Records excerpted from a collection

-=-=-

Lemma path_dist_le f n i j : path f n -> i <= j <= n -> dist (f i) (f j) <= j - i.
Proof.
  intros H Hij.
  assert (H1 := dist_le_path _ _ (path_shift f j i (fun k Hk => H k ltac:(lia)) ltac:(lia))).
  simpl in H1. rewrite Nat.add_0_r in H1. replace (i + (j - i)) with j in H1 by lia. auto.
Qed.

Definition geodesic (f : nat -> V) (n : nat) : Prop := path f n /\ dist (f 0) (f n) = n.

Lemma geodesic_dist f n : geodesic f n -> forall i j, i <= j <= n -> dist (f i) (f j) = j - i.
Proof.
  intros [Hp Hd] i j Hij.
  assert (H1 := path_dist_le f n i j Hp Hij).
  assert (H2 := path_dist_le f n 0 i Hp ltac:(lia)).
  assert (H3 := path_dist_le f n j n Hp ltac:(lia)).
  assert (H4 := dist_triangle (f 0) (f i) (f n)).
  assert (H5 := dist_triangle (f i) (f j) (f n)). lia.
Qed.

Lemma exists_geodesic (x y : V) : exists f, f 0 = x /\ f (dist x y) = y /\ geodesic f (dist x y).
Proof.
  destruct (shortest_path x y) as [f [F0 [Fn Fp]]]. exists f. repeat split; auto. congruence.
Qed.

Lemma closed_path_not_injective (c : nat -> V) N : 3 <= N -> path c N -> c N = c 0 ->
  ~ (forall i j, i < N -> j < N -> c i = c j -> i = j).
Proof.
  intros HN Hp Hc Hi. apply (tree_acyclic T).
  exists (c 0), (map c (seq 1 (N - 1))). split; [|split; [|split]].
  - rewrite length_map, length_seq; lia.
  - change (c 0 :: map c (seq 1 (N - 1))) with (map c (0 :: seq 1 (N - 1))).
    replace (0 :: seq 1 (N - 1)) with (seq 0 N)
      by (destruct N; [lia|simpl; f_equal; f_equal; lia]).
    apply NoDup_map_NoDup_ForallPairs; [|apply seq_NoDup].
    intros i j Hi' Hj'. apply in_seq in Hi', Hj'. apply Hi; lia.
  - apply chain_map. intros; apply Hp; lia.
  - rewrite last_map_seq, <- Hc. replace N with (S (0 + (N - 1))) at 2 by lia. apply Hp; lia.
Qed.

(* Two injective paths from a common origin, disjoint afterwards and with adjacent
   endpoints, would close up into a cycle. *)
Lemma no_disjoint_arms (P Q : nat -> V) a b : P 0 = Q 0 -> path P a -> path Q b ->
  A (P a) (Q b) -> 2 <= a + b ->
  (forall i j, i <= a -> j <= a -> P i = P j -> i = j) ->
  (forall i j, i <= b -> j <= b -> Q i = Q j -> i = j) ->
  ~ (forall i j, 0 < i <= a -> 0 < j <= b -> P i <> Q j).
Proof.
  intros E Hp Hq Hab H2 IP IQ X.
  set (c := fun i => if i <=? a then P i else Q (a + b + 1 - i)).
  assert (CL : forall i, i <= a -> c i = P i).
  { intros i Hi; unfold c. destruct (Nat.leb_spec i a); auto; lia. }
  assert (CR : forall i, a < i -> c i = Q (a + b + 1 - i)).
  { intros i Hi; unfold c. destruct (Nat.leb_spec i a); auto; lia. }
  apply (closed_path_not_injective c (a + b + 1)); try lia.
  - intros i Hi. destruct (lt_eq_lt_dec i a) as [[H|H]|H].
    + rewrite !CL by lia. apply Hp; lia.
    + subst. rewrite CL, CR by lia. replace (a + b + 1 - S a) with b by lia. auto.
    + rewrite !CR by lia. apply adj_sym.
      replace (a + b + 1 - i) with (S (a + b + 1 - S i)) by lia. apply Hq; lia.
  - rewrite CR, CL by lia. replace (a + b + 1 - (a + b + 1)) with 0 by lia. auto.
  - intros i j Hi Hj Hij. destruct (le_lt_dec i a), (le_lt_dec j a).
    + rewrite !CL in Hij by lia. apply IP; auto.
    + rewrite CL, CR in Hij by lia. exfalso. destruct i.
      * rewrite E in Hij. apply IQ in Hij; lia.
      * apply (X (S i) (a + b + 1 - j)); auto; lia.
    + rewrite CR, CL in Hij by lia. exfalso. destruct j.
      * rewrite E in Hij. apply IQ in Hij; lia.
      * apply (X (S j) (a + b + 1 - i)); auto; lia.
    + rewrite !CR in Hij by lia. apply IQ in Hij; lia.
Qed.

Lemma last_agreement (P Q : nat -> V) m : P 0 = Q 0 ->
  exists k, k <= m /\ P k = Q k /\ forall i, k < i <= m -> P i <> Q i.
Proof.
  intros E. induction m.
  - exists 0. repeat split; auto. intros; lia.
  - destruct (classic (P (S m) = Q (S m))) as [H|H].
    + exists (S m). repeat split; auto. intros; lia.
    + destruct IHm as [k [Hk [Hk1 Hk2]]]. exists k. repeat split; auto.
      intros i Hi. destruct (Nat.eq_dec i (S m)); [subst; auto|apply Hk2; lia].
Qed.

(* Paths leaving [z] radially ([dist z (P i) = i]) are injective, so after they part
   they stay apart; adjacent endpoints would then produce a cycle. *)
Lemma radial_paths_agree z (P Q : nat -> V) a b m :
  m <= a -> m <= b -> (a <= m \/ b <= m) -> P 0 = Q 0 ->
  (forall i, i <= a -> dist z (P i) = i) -> (forall j, j <= b -> dist z (Q j) = j) ->
  path P a -> path Q b -> A (P a) (Q b) -> P m = Q m.
Proof.
  intros Ha Hb Hm E DP DQ Hp Hq Hab. apply NNPP. intros Hne.
  destruct (last_agreement P Q m E) as [k [Hk [Hk1 Hk2]]].
  assert (Hkm : k <> m) by (intro; subst; auto).
  apply (no_disjoint_arms (fun i => P (k + i)) (fun i => Q (k + i)) (a - k) (b - k)).
  - rewrite !Nat.add_0_r; auto.
  - apply path_shift; auto; lia.
  - apply path_shift; auto; lia.
  - replace (k + (a - k)) with a by lia. replace (k + (b - k)) with b by lia. auto.
  - lia.
  - intros i j Hi Hj H. apply (f_equal (dist z)) in H. rewrite !DP in H by lia. lia.
  - intros i j Hi Hj H. apply (f_equal (dist z)) in H. rewrite !DQ in H by lia. lia.
  - intros i j Hi Hj H. assert (H' := f_equal (dist z) H). rewrite DP, DQ in H' by lia.
    assert (i = j) by lia. subst. apply (Hk2 (k + j)); auto; lia.
Qed.

Lemma geodesic_radial z f n : geodesic f n -> f 0 = z -> forall i, i <= n -> dist z (f i) = i.
Proof. intros G F0 i Hi. rewrite <- F0, (geodesic_dist f n G 0 i) by lia. lia. Qed.

Lemma adj_dist_neq z (u v : V) : A u v -> dist z u <> dist z v.
Proof.
  intros Huv E.
  destruct (exists_geodesic z u) as [P [P0 [Pn Pg]]].
  destruct (exists_geodesic z v) as [Q [Q0 [Qn Qg]]].
  set (n := dist z u) in *. rewrite <- E in Qn, Qg.
  assert (Hm : P n = Q n).
  { apply (radial_paths_agree z P Q n n n); try lia.
    - congruence.
    - exact (geodesic_radial z P n Pg P0).
    - exact (geodesic_radial z Q n Qg Q0).
    - apply Pg.
    - apply Qg.
    - congruence. }
  rewrite Pn, Qn in Hm. rewrite Hm in Huv. exact (adj_irrefl T v Huv).
Qed.

Lemma adj_dist_succ z (u v : V) : A u v -> dist z v = S (dist z u) \/ dist z u = S (dist z v).
Proof.
  intros H. assert (T1 := dist_triangle z u v). assert (T2 := dist_triangle z v u).
  rewrite (dist_adj u v H) in T1. rewrite (dist_adj v u (adj_sym _ _ _ H)) in T2.
  assert (dist z u <> dist z v) by (apply adj_dist_neq; auto). lia.
Qed.

Lemma unique_step_toward z (y w1 w2 : V) : A y w1 -> A y w2 ->
  dist z w1 < dist z y -> dist z w2 < dist z y -> w1 = w2.
Proof.
  intros H1 H2 D1 D2.
  destruct (adj_dist_succ z y w1 H1) as [|E1]; [lia|].
  destruct (adj_dist_succ z y w2 H2) as [|E2]; [lia|].
  destruct (exists_geodesic z w1) as [P [P0 [Pn Pg]]].
  destruct (exists_geodesic z w2) as [Q [Q0 [Qn Qg]]].
  set (n := dist z w1) in *. assert (E : dist z w2 = n) by lia. rewrite E in Qn, Qg.
  set (P' := glue P n (fun _ => y)).
  assert (PL : forall i, i <= n -> P' i = P i) by (intros; apply glue_l; auto).
  assert (PR : P' (S n) = y) by (unfold P', glue; destruct (Nat.leb_spec (S n) n); auto; lia).
  rewrite <- Pn, <- Qn, <- PL by lia.
  apply (radial_paths_agree z P' Q (S n) n n); try lia.
  - rewrite PL by lia. congruence.
  - intros i Hi. destruct (Nat.eq_dec i (S n)) as [->|]; [rewrite PR; lia|].
    rewrite PL by lia. apply (geodesic_radial z P n Pg P0); lia.
  - exact (geodesic_radial z Q n Qg Q0).
  - intros i Hi. destruct (Nat.eq_dec i n) as [->|].
    + rewrite PL, PR, Pn by lia. apply adj_sym; auto.
    + rewrite !PL by lia. apply Pg; lia.
  - apply Qg.
  - rewrite PR, Qn. auto.
Qed.

Definition no_backtrack (f : nat -> V) (n : nat) : Prop := forall i, i + 2 <= n -> f i <> f (i + 2).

-=-=-

WHAT IS NEEDED: Could you return exactly the lines above from the line with "assert (PL : forall" to the line with "rewrite <- Pn, <- Qn, <- PL by lia.", both included, and nothing else?

REPLY:
  assert (PL : forall i, i <= n -> P' i = P i) by (intros; apply glue_l; auto).
  assert (PR : P' (S n) = y) by (unfold P', glue; destruct (Nat.leb_spec (S n) n); auto; lia).
  rewrite <- Pn, <- Qn, <- PL by lia.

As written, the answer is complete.